【发布时间】:2016-05-16 04:14:12
【问题描述】:
所以,我正在使用 Hibernate 5 和 SpringMVC 4 制作这个 webapp。 由于某种原因,我不能插入具有 OneToMany 关系的实体。 在我首先解释任何事情之前,我想说我尝试了这里和其他论坛发布的许多解决方案,但都没有为我工作......我不知道我在尝试解决问题时是否做错了。
现在,我最近添加了电话桌。在此之前,我可以添加一个配置文件对象,它将在同一事务中级联地址和用户实体的插入。现在,在代码中添加电话实体后,持久化操作一直在抛出我
列“ProfileId”不能为空
所有类都有各自的 Setter 和 Getter...但为了保持代码简短,我删除了它们。
@Entity
@Table(name = "profile")
public class Profile {
@Id
@GeneratedValue(strategy = GenerationType.IDENTITY)
private long id;
@NotEmpty
@Size(max = 100)
@Column(name = "FirstName", nullable = false, unique = false, length = 100)
private String firstName;
@NotEmpty
@Size(max = 100)
@Column(name = "LastName", nullable = false, unique = false, length = 100)
private String lastName;
@NotNull
@DateTimeFormat(pattern = "MM/dd/yyyy")
@Column(name = "BirthDate", nullable = false, unique = false)
private Timestamp birthDate;
@Valid
@OneToOne(fetch = FetchType.EAGER, cascade = CascadeType.ALL)
@JoinColumn(name = "UserId")
private User user;
@Valid
@OneToOne(fetch = FetchType.EAGER, cascade = CascadeType.ALL)
@JoinColumn(name = "AddressId")
private Address address;
@Valid
@OneToMany(fetch = FetchType.EAGER, mappedBy = "profile", cascade = CascadeType.ALL)
private List<Phone> phones;
}
_
@Entity
@Table(name = "Phone")
public class Phone {
@Id
@GeneratedValue(strategy = GenerationType.IDENTITY)
private long id;
@NotEmpty
@Size(max = 50)
@Column(name = "PhoneNumber", nullable = false, unique = false, length = 50)

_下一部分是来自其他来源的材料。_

Section FormalSums.
Variables (A : PRing) (B : PMon) (k : A -> B).

(* A list l is read as the formal sum of the functions y |-> k (a y), a in l;
   [meaning l y] is the set of values its sum at y can take in B. *)
Definition meaning (l : list A) (y : A) : B -> Prop :=
  sums_to (map (fun a => k (pmul a y)) l).

Lemma meaning1 a y t : meaning [a] y t <-> t = k (pmul a y).
Proof. apply sums_to1. Qed.

Lemma meaning_cat_compat l l' m m' :
  meaning l = meaning l' -> meaning m = meaning m' -> meaning (l ++ m) = meaning (l' ++ m').
Proof.
  intros El Em. extensionality y; extensionality t. apply propositional_extensionality.
  unfold meaning. rewrite !map_app, !sums_to_cat.
  change (sums_to (map (fun a => k (pmul a y)) ?n)) with (meaning n y).
  now rewrite El, Em.
Qed.

Lemma meaning_perm l l' : Permutation l l' -> meaning l = meaning l'.
Proof.
  intros HP. extensionality y; extensionality t. apply propositional_extensionality.
  split; apply sums_to_perm, Permutation_map; [|symmetry]; exact HP.
Qed.

Lemma meaning_map_mulr l b : meaning (map (fun a => pmul a b) l) = fun y => meaning l (pmul b y).
Proof.
  extensionality y. unfold meaning. rewrite map_map. f_equal.
  apply map_ext; intros a. now rewrite pmul_assoc.
Qed.

Lemma meaning_list_mul_compat l l' m m' : meaning l = meaning l' -> meaning m = meaning m' ->
  meaning (list_mul A l m) = meaning (list_mul A l' m').
Proof.
  assert (Hl : forall l l' m, meaning l = meaning l' ->
            meaning (list_mul A l m) = meaning (list_mul A l' m)).
  { intros l0 l0' m0 E. induction m0 as [|b m0 IH]; simpl; auto.
    apply meaning_cat_compat; auto. now rewrite !meaning_map_mulr, E. }
  intros El Em. rewrite (Hl _ _ _ El).
  rewrite (meaning_perm _ _ (list_mul_perm_comm A l' m)),
          (meaning_perm _ _ (list_mul_perm_comm A l' m')).
  now apply Hl.
Qed.

Definition fsum : Type := {F : A -> B -> Prop | exists l, F = meaning l}.

Definition fclass (l : list A) : fsum := exist _ (meaning l) (ex_intro _ l eq_refl).

Lemma fclass_eq l m : fclass l = fclass m <-> meaning l = meaning m.
Proof.
  split; intros E.
  - exact (f_equal (@proj1_sig _ _) E).
  - now apply subset_eq_compat.
Qed.

Lemma fclass_surj (q : fsum) : exists l, q = fclass l.
Proof. destruct q as [F [l ->]]. exists l. now apply subset_eq_compat. Qed.

Section Lift.
Variable op : list A -> list A -> list A.
Hypothesis op_compat : forall l l' m m',
  meaning l = meaning l' -> meaning m = meaning m' -> meaning (op l m) = meaning (op l' m').

Definition lifted (q r : fsum) : A -> B -> Prop :=
  fun y t => exists l m, proj1_sig q = meaning l /\ proj1_sig r = meaning m /\ meaning (op l m) y t.

Lemma lifted_class l m : lifted (fclass l) (fclass m) = meaning (op l m).
Proof.
  extensionality y; extensionality t. apply propositional_extensionality. split.
  - intros (l' & m' & El & Em & H). now rewrite (op_compat l l' m m' El Em).
  - intros H. now exists l, m.
Qed.

Lemma lifted_closed q r : exists n, lifted q r = meaning n.
Proof.
  destruct (fclass_surj q) as [l ->], (fclass_surj r) as [m ->].
  exists (op l m). apply lifted_class.
Qed.

Definition lift2 (q r : fsum) : fsum := exist _ (lifted q r) (lifted_closed q r).

Lemma lift2_class l m : lift2 (fclass l) (fclass m) = fclass (op l m).
Proof. apply subset_eq_compat, lifted_class. Qed.

End Lift.

Definition fzero : fsum := fclass [].
Definition fone : fsum := fclass [pone].
Definition fsumm (q r : fsum) : Prop := True.
Definition fadd : fsum -> fsum -> fsum := lift2 (@app A) meaning_cat_compat.
Definition fmul : fsum -> fsum -> fsum := lift2 (list_mul A) meaning_list_mul_compat.

Lemma fadd_class l m : fadd (fclass l) (fclass m) = fclass (l ++ m).
Proof. apply lift2_class. Qed.

Lemma fmul_class l m : fmul (fclass l) (fclass m) = fclass (list_mul A l m).
Proof. apply lift2_class. Qed.

Ltac by_classes :=
  intros;
  repeat match goal with q : fsum |- _ =>
    let l := fresh "l" in destruct (fclass_surj q) as [l ->] end;
  unfold fzero, fone; repeat (rewrite fadd_class || rewrite fmul_class).

Lemma fadd0 q : fadd fzero q = q.
Proof. by_classes. reflexivity. Qed.

Lemma faddC q r : fadd q r = fadd r q.
Proof. by_classes. apply fclass_eq, meaning_perm, Permutation_app_comm. Qed.

Lemma faddA q r s : fadd (fadd q r) s = fadd q (fadd r s).
Proof. by_classes. now rewrite app_assoc. Qed.

Lemma fmulC q r : fmul q r = fmul r q.
Proof. by_classes. apply fclass_eq, meaning_perm, list_mul_perm_comm. Qed.
(* Let $n\ge3$, let $i\ge 0$ be an integer with $i>(n-4)(n-1)$, and let $1\le k\le n$. Then \[|\mathcal{L}_i\cap\mathcal{B}_k|=b_{r_i+k-n-1}\qquad\text{and}\qquad |\mathcal{L}_i|=c_{r_i-1}.\]
   Context: Fix an integer $n\ge 3$. A partition is a sequence $\Lambda=(\lambda_j)_{j\ge1}$ of non-negative integers with finite support; $\mathrm{wt}(\Lambda)=\sum_j j\lambda_j$; $\mathrm{Part}(k)$ is the set of partitions with $\lambda_j=0$ for $j>k$. Write $x^\Lambda=\prod_j x_j^{\lambda_j}$, $\deg(x^\Lambda)=\sum_j\lambda_j$, and $\partial_k$ for the formal symbol of partial derivative in $x_k$. $\mathcal{B}=\{x^\Lambda\partial_k : 1\le k\le n,\ \Lambda\in\mathrm{Part}(k-1)\}$ and $\mathcal{B}_u=\{x^\Lambda\partial_k\in\mathcal{B}: k=u\}$. For an integer $i\ge-1$, let $r_i\in\{1,\dots,n-1\}$ with $i\equiv r_i\pmod{n-1}$ and $h_i=\lfloor (i-1)/(n-1)\rfloor+1$. Define $\mathrm{WD}(x^\Lambda\partial_k)=\mathrm{wt}(\Lambda)-\deg(x^\Lambda)+n-k$ and $\mathrm{lev}_i(x^\Lambda\partial_k)=h_i\,\mathrm{WD}(x^\Lambda\partial_k)+\deg(x^\Lambda)-1$. For $i\ge-1$, $\mathcal{N}_i=\{b\in\mathcal{B}: \mathrm{lev}_j(b)\le j\text{ for some integer } -1\le j\le i\}$, and $\mathcal{L}_i=\mathcal{N}_i\setminus\mathcal{N}_{i-1}$ for $i\ge0$. Let $a_m$ be the number of partitions of $m\ge0$ ($a_0=1$), $b_m=\sum_{j=0}^m a_j$, $c_m=\sum_{j=0}^m b_j$, with the convention $b_m=0$ for $m<0$. *)

From mathcomp Require Import all_boot all_order all_algebra.
Set Implicit Arguments. Unset Strict Implicit. Unset Printing Implicit Defensive.
Import Order.TTheory GRing.Theory Num.Theory.

(* An element x^Lambda d_k of B is encoded as the pair (k, lam) where
   lam = [:: lambda_1; ...; lambda_{k-1}] (Lambda in Part(k-1)). *)
Definition inB (n : nat) (b : nat * seq nat) : Prop :=
  (1 <= b.1 <= n)%N /\ size b.2 = b.1.-1.

Definition wt (lam : seq nat) : nat :=
  (\sum_(j < size lam) j.+1 * nth 0 lam j)%N.
Definition deg (lam : seq nat) : nat := sumn lam.

(* r_i in {1..n-1} with i = r_i mod (n-1) *)
Definition rr (n : nat) (i : int) : nat :=
  (absz ((i - 1) %% (n.-1)%:Z)%Z).+1.
Definition hh (n : nat) (i : int) : int :=
  ((i - 1) %/ (n.-1)%:Z)%Z + 1.

Definition WD (n : nat) (b : nat * seq nat) : int :=
  (wt b.2)%:Z - (deg b.2)%:Z + n%:Z - (b.1)%:Z.

Definition lev (n : nat) (i : int) (b : nat * seq nat) : int :=
  hh n i * WD n b + (deg b.2)%:Z - 1.

Definition inN (n : nat) (i : int) (b : nat * seq nat) : Prop :=
  inB n b /\ exists j : int, (-1 <= j)%R /\ (j <= i)%R /\ (lev n j b <= j)%R.

Definition inL (n : nat) (i : int) (b : nat * seq nat) : Prop :=
  inN n i b /\ ~ inN n (i - 1) b.

Definition card_is (T : eqType) (P : T -> Prop) (m : nat) : Prop :=
  exists s : seq T, uniq s /\ (forall x, P x <-> x \in s) /\ size s = m.

(* a_m = number of partitions of m: Lambda in Part(m) with each lambda_j <= m
   and wt Lambda = m (every partition of m is of this form). *)
Definition apart (m : nat) : nat :=
  #|[set f : {ffun 'I_m -> 'I_m.+1} | (\sum_(j < m) j.+1 * f j)%N == m]|.

Definition bpart (m : int) : nat :=
  match m with
  | Posz k => (\sum_(0 <= j < k.+1) apart j)%N
  | Negz _ => 0%N
  end.

Definition cpart (m : nat) : nat := (\sum_(0 <= j < m.+1) bpart j%:Z)%N.

(* Write j = (h_j - 1)(n - 1) + r_j with 1 <= r_j <= n - 1 and, for b = x^Λ ∂_k, put
   W = WD(b) and d = deg(x^Λ).  Then lev_j(b) <= j reads d - 1 <= j - h_j W, whose right-hand
   side grows by one along each block of n - 1 consecutive j and changes by 1 - W from one
   block to the next.  Hence b lies in L_i exactly when d - 1 = i - h_i W and W < r_i.
   Splitting Λ = (λ_1, Λ') gives W = wt(Λ') + n - k, so for fixed k these conditions say
   e := wt(Λ') <= r_i + k - n - 1 and prescribe d.  When i > (n-4)(n-1) one has h_i >= n - 3,
   which makes the prescribed d at least e >= deg(Λ'); so λ_1 = d - deg(Λ') is determined and
   Λ' ranges over all partitions of e (they fit, as e <= k - 2).  Summing a_e over e gives
   b_{r_i+k-n-1}, and summing over k gives c_{r_i-1}. *)

From mathcomp Require Import all_boot all_order all_algebra zify.
Import Order.TTheory GRing.Theory Num.Theory.
Set Implicit Arguments. Unset Strict Implicit. Unset Printing Implicit Defensive.

Section CardIs.
Variable T : eqType.

Lemma card_is_ext (P Q : T -> Prop) m :
  (forall x, P x <-> Q x) -> card_is P m -> card_is Q m.
Proof.
move=> PQ [s [us [Ps ss]]]; exists s; split=> //; split=> // x.
exact: iff_trans (iff_sym (PQ x)) (Ps x).
Qed.

Lemma card_is_inj_map (U : eqType) (P : U -> Prop) (g : U -> T) m :
  injective g -> card_is P m -> card_is (fun y => exists2 x, P x & y = g x) m.
Proof.
move=> g_inj [s [us [Ps ss]]]; exists (map g s); split; last split.
- by rewrite map_inj_uniq.
- move=> y; split=> [[x /Ps xs ->] | /mapP[x /Ps Px ->]]; last by exists x.
  exact: map_f.
- by rewrite size_map.
Qed.

Lemma card_is_sum (I : eqType) (s : seq I) (P : I -> T -> Prop) (c : I -> nat) :
  uniq s -> (forall t, t \in s -> card_is (P t) (c t)) ->
  (forall t t' x, P t x -> P t' x -> t = t') ->
  card_is (fun x => exists2 t, t \in s & P t x) (\sum_(t <- s) c t).
Proof.
move=> + + disj; elim: s => [_ _ | t s IH /= /andP[ts us] cP].
  by exists [::]; split=> //; split=> [x|]; [split=> // -[] | rewrite big_nil].
have in_ts t' : t' \in s -> t' \in t :: s by rewrite inE => ->; rewrite orbT.
have [L [uL [PL sL]]] := cP t (mem_head t s).
have [L' [uL' [PL' sL']]] := IH us (fun t' ht' => cP t' (in_ts t' ht')).
exists (L ++ L'); split; last split.
- rewrite cat_uniq uL uL' andbT /=; apply/hasPn => x /PL' [t' t's Pt'x].
  by apply/negP => /PL Ptx; move: ts; rewrite (disj _ _ _ Ptx Pt'x) t's.
- move=> x; rewrite mem_cat; split.
  + case=> t'; rewrite inE => /orP[/eqP-> /PL -> // | t's Pt'x].
    by apply/orP; right; apply/PL'; exists t'.
  + case/orP=> [/PL Ptx | /PL' [t' t's Pt'x]]; first by exists t; rewrite ?mem_head.
    by exists t'; rewrite ?in_ts.
- by rewrite size_cat sL sL' big_cons.
Qed.

End CardIs.

Lemma card_is_set (T : finType) (A : {set T}) : card_is (fun x => x \in A) #|A|.
Proof.
by exists (enum A); rewrite enum_uniq cardE; split=> //; split=> // x; rewrite mem_enum.
Qed.

Lemma deg_cons x t : deg (x :: t) = x + deg t.
Proof. by []. Qed.

Lemma wt_nil : wt [::] = 0.
Proof. by rewrite /wt big_ord0. Qed.

Lemma wt_cons x t : wt (x :: t) = x + wt t + deg t.
Proof.
rewrite /wt big_ord_recl /= mul1n -addnA; congr (_ + _).
rewrite /deg sumnE (big_nth 0) big_mkord -big_split /=.
by apply: eq_bigr => j _; rewrite mulSn addnC.
Qed.

Lemma wt_behead lam : wt lam = deg lam + wt (behead lam).
Proof. by case: lam => [|x t]; [rewrite /= wt_nil | rewrite wt_cons deg_cons /=; lia]. Qed.

Lemma deg_le_wt t : deg t <= wt t.
Proof. by elim: t => [|x t IH]; rewrite ?wt_nil // wt_cons deg_cons; lia. Qed.

Lemma wt_le_size_deg t : wt t <= size t * deg t.
Proof.
elim: t => [|x t IH]; rewrite ?wt_nil // wt_cons deg_cons /= mulSn mulnDr; nia.
Qed.

Lemma wt_cat_nseq0 s m : wt (s ++ nseq m 0) = wt s.
Proof.
elim: s => [|x s IH]; last by rewrite cat_cons !wt_cons IH /deg sumn_cat sumn_nseq mul0n addn0.
rewrite /= wt_nil; elim: m => [|m IH]; first exact: wt_nil.
by rewrite /= wt_cons IH /deg sumn_nseq.
Qed.

Lemma wt_nth_le t j : j.+1 * nth 0 t j <= wt t.
Proof.
case: (ltnP j (size t)) => [jt | tj]; last by rewrite nth_default ?muln0.
by rewrite /wt (bigD1 (Ordinal jt)) //= leq_addr.
Qed.

Lemma nth_ge_wt t j : wt t <= j -> nth 0 t j = 0.
Proof. by have := wt_nth_le t j; case: (nth 0 t j) => // a; rewrite mulnS; lia. Qed.

Section PartitionCount.
Variable e : nat.

Definition part_set := [set f : {ffun 'I_e -> 'I_e.+1} | \sum_(j < e) j.+1 * f j == e].

Definition seq_of_ffun (f : {ffun 'I_e -> 'I_e.+1}) : seq nat := [seq (f j : nat) | j <- enum 'I_e].

Lemma size_seq_of_ffun f : size (seq_of_ffun f) = e.
Proof. by rewrite size_map size_enum_ord. Qed.

Lemma nth_seq_of_ffun f (j : 'I_e) : nth 0 (seq_of_ffun f) j = f j.
Proof. by rewrite (nth_map j) ?size_enum_ord // nth_ord_enum. Qed.

Lemma wt_seq_of_ffun f : wt (seq_of_ffun f) = \sum_(j < e) j.+1 * f j.
Proof.
by rewrite /wt size_seq_of_ffun; apply: eq_bigr => j _; rewrite nth_seq_of_ffun.
Qed.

private String phoneNumber;
@Valid
@ManyToOne(cascade = CascadeType.ALL, optional = false)
@JoinColumn(name = "ProfileId", nullable = false)
private Profile profile;
}
_
@Entity
@Table(name = "\"User\"", uniqueConstraints = { @UniqueConstraint(columnNames = "Username") })
public class User {
@Id
@GeneratedValue(strategy = GenerationType.IDENTITY)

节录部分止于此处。